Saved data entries
(* The hypothesis on [z] says the tangent is at least [1] at [s = 1], while [hc <= 1]. *)
Lemma hc_le_tangent (p z : R) : 2 <= p -> -1 < z < 1 -> 1 <= p * Rpower ((1 + z) / 2) (p - 1) ->
  forall s, z <= s <= 1 ->
  hc p ((1 + z) / (1 - z)) s <= hc_deriv p ((1 + z) / (1 - z)) z * (s - z).
Proof.
  intros Hp Hz Hkey s Hs. set (c := (1 + z) / (1 - z)).
  assert (Ec : c = (1 + z) / (1 - z)) by reflexivity.
  assert (Hc : 0 < c) by (rewrite Ec; apply Rdiv_lt_0_compat; lra).
  set (dh := hc_deriv p c z).
  assert (Hslope : 1 <= dh * (1 - z)) by (unfold dh; rewrite Ec, hc_deriv_at_zero; lra).
  destruct (Req_dec s 1) as [->|Hs1]; [assert (hc p c 1 <= 1) by (apply hc_le_1; lra); lra|].
  enough (hc p c s - dh * (s - z) <= 0) by lra.
  apply (concave_convex_nonpos (fun x => hc p c x - dh * (x - z)) (fun x => hc_deriv p c x - dh)
           (hc_deriv2 p c) z dh); [lra| | | | | | |lra].
  - intros x Hx. replace (hc_deriv p c x - dh) with (hc_deriv p c x - dh * (1 - 0)) by ring.
    apply derivable_pt_lim_minus; [apply hc_derive; lra|].
    apply derivable_pt_lim_scal, derivable_pt_lim_minus;
      [apply derivable_pt_lim_id|apply derivable_pt_lim_const].
  - intros x Hx. replace (hc_deriv2 p c x) with (hc_deriv2 p c x - 0) by ring.
    apply derivable_pt_lim_minus; [apply hc_deriv_derive; lra|apply derivable_pt_lim_const].
  - intros a b Ha Hab Hb. apply hc_deriv2_pos_mono; lra.
  - rewrite Ec, hc_at_zero by lra. ring.
  - unfold dh. ring.
  - intros x Hx. assert (hc p c x <= 1) by (apply hc_le_1; lra). lra.
Qed.

Theorem lemma5p5 (alpha p : R) (L L1 L2 : R -> R) (z c a dh : R) :
  0 < alpha -> p = alpha * (alpha + 1) -> 2 < p ->
  is_legendre alpha L L1 L2 ->
  is_largest_zero L z ->
  c = (1 + z) / (1 - z) ->
  derivable_pt_lim (hc p c) z dh ->
  a = dh / L1 z ->
  (a * L z = 0 /\ hc p c z = 0 /\ L1 z <> 0 /\
   derivable_pt_lim (fun s => a * L s) z dh) /\
  (forall s, z <= s <= 1 ->
     hc p c s <= hc p c z + dh * (s - z) /\
     hc p c z + dh * (s - z) <= a * L s).
Proof.
  intros _ Hp Hp2 [Hder [Hlim HL1]] Hlz Hc Hdh Ha.
  assert (Hode : forall s, -1 < s < 1 ->
    derivable_pt_lim L s (L1 s) /\ derivable_pt_lim L1 s (L2 s) /\
    (1 - s ^ 2) * L2 s - 2 * s * L1 s + p * L s = 0) by (rewrite Hp; exact Hder).
  pose proof Hlz as [Hz [HLz _]].
  assert (Hkey := zero_lower_bound p z L L1 L2 Hode Hlim Hlz ltac:(lra) Hp2).
  assert (Edh : dh = hc_deriv p c z).
  { apply (uniqueness_limite (hc p c) z); [exact Hdh|].
    apply hc_derive; [rewrite Hc; apply Rdiv_lt_0_compat|]; lra. }
  assert (Hslope : dh * (1 - z) = p * Rpower ((1 + z) / 2) (p - 1))
    by (rewrite Edh, Hc; apply hc_deriv_at_zero, Hz).
  assert (HL1z : 0 < L1 z) by (apply (L1_pos p z L L1 L2 Hode Hlim Hlz); lra).
  assert (Hdh_a : dh = a * L1 z) by (rewrite Ha; field; lra).
  assert (Ha0 : 0 < a) by (rewrite Ha; apply Rdiv_lt_0_compat; nra).
  assert (Hhz : hc p c z = 0) by (rewrite Hc; apply hc_at_zero, Hz).
  split; [repeat split|intros s Hs; rewrite Hhz, Rplus_0_l; split].
  - rewrite HLz. ring.
  - exact Hhz.
  - lra.
  - rewrite Hdh_a. apply derivable_pt_lim_scal, Hder, Hz.
  - rewrite Edh, Hc. apply hc_le_tangent; lra.
  - rewrite Hdh_a, Rmult_assoc. apply Rmult_le_compat_l; [lra|].
    destruct (Req_dec s 1) as [->|Hs1].
    + rewrite HL1. apply (L1_zero_le p z L L1 L2 Hode Hlim Hlz); lra.
    + apply (L_ge_tangent p z L L1 L2 Hode Hlim Hlz); lra.
Qed.
(* Let $\mathcal C$ be a semi-abelian category, $\partial\colon X\to B$ a regular epimorphism, and $\xi\colon B\flat X\to X$ an internal action such that $\xi\circ(\partial\flat 1_X)=\chi_X$. Then $(\partial,\xi)$ satisfies both the Precrossed Module Condition $[\partial,1_B]_\xi=0$ and the Peiffer Condition $[k,e\circ\partial]_{\chi_X}=0$; in particular $(\partial,\xi)$ is an internal precrossed module, and it satisfies $\partial\circ\xi=\chi_B\circ(1_B\flat\partial)$.
   Context: In a semi-abelian category, for objects $B,X$ let $\kappa_{B,X}\colon B\flat X\to B+X$ be the kernel of $\langle 1_B,0\rangle\colon B+X\to B$; $\flat$ is a bifunctor with $g\flat f$ the restriction of $g+f$. An internal action $\xi\colon B\flat X\to X$ (satisfying the standard Bourn–Janelidze axioms) induces via the semi-direct product construction a split short exact sequence $0\to X\xrightarrow{k}X\rtimes_\xi B\xrightarrow{d}B\to0$ with section $e$. The conjugation action of an object $Y$ on itself is $\chi_Y=\langle1_Y,1_Y\rangle\circ\kappa_{Y,Y}$, corresponding to the split short exact sequence $Y\xrightarrow{(1_Y,0)}Y\times Y\xrightarrow{\pi_2}Y$ with section $\Delta_Y$. For an action $\xi$ with sequence $(k,d,e)$ and $f\colon X\to Y$, $g\colon B\to Y$, the $\xi$-commutator $[f,g]_\xi\le Y$ is the regular image of $\langle f,g\rangle\circ\kappa$ where $\kappa$ is the kernel of $\langle k,e\rangle\colon X+B\to X\rtimes_\xi B$. $(\partial,\xi)$ is an internal precrossed module if there is $c\colon X\rtimes_\xi B\to B$ with $c\circ e=1_B$ and $c\circ k=\partial$. *)

Set Implicit Arguments.
Unset Strict Implicit.

Record Category := {
  ob :> Type;
  hom : ob -> ob -> Type;
  comp : forall a b c : ob, hom b c -> hom a b -> hom a c;
  idm : forall a : ob, hom a a;
  comp_assoc : forall (a b c d : ob) (h : hom c d) (g : hom b c) (f : hom a b),
      comp h (comp g f) = comp (comp h g) f;
  comp_id_l : forall (a b : ob) (f : hom a b), comp (idm b) f = f;
  comp_id_r : forall (a b : ob) (f : hom a b), comp f (idm a) = f
}.
Arguments hom {C} _ _ : rename.
Arguments comp {C a b c} _ _ : rename.
Arguments idm {C} a : rename.

Notation "g ∘ f" := (comp g f) (at level 40, left associativity).

Section CatDefs.
Variable C : Category.

Definition is_mono {a b : C} (m : hom a b) : Prop :=
  forall (t : C) (x y : hom t a), m ∘ x = m ∘ y -> x = y.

EXERCISE GOAL:
All that belongs in your answer is the stretch of entries above from the line with "by (rewrite Edh, Hc;" through the line with "destruct (Req_dec s 1) as [->|Hs1].", printed exactly.

WRITTEN RESPONSE:
    by (rewrite Edh, Hc; apply hc_deriv_at_zero, Hz).
  assert (HL1z : 0 < L1 z) by (apply (L1_pos p z L L1 L2 Hode Hlim Hlz); lra).
  assert (Hdh_a : dh = a * L1 z) by (rewrite Ha; field; lra).
  assert (Ha0 : 0 < a) by (rewrite Ha; apply Rdiv_lt_0_compat; nra).
  assert (Hhz : hc p c z = 0) by (rewrite Hc; apply hc_at_zero, Hz).
  split; [repeat split|intros s Hs; rewrite Hhz, Rplus_0_l; split].
  - rewrite HLz. ring.
  - exact Hhz.
  - lra.
  - rewrite Hdh_a. apply derivable_pt_lim_scal, Hder, Hz.
  - rewrite Edh, Hc. apply hc_le_tangent; lra.
  - rewrite Hdh_a, Rmult_assoc. apply Rmult_le_compat_l; [lra|].
    destruct (Req_dec s 1) as [->|Hs1].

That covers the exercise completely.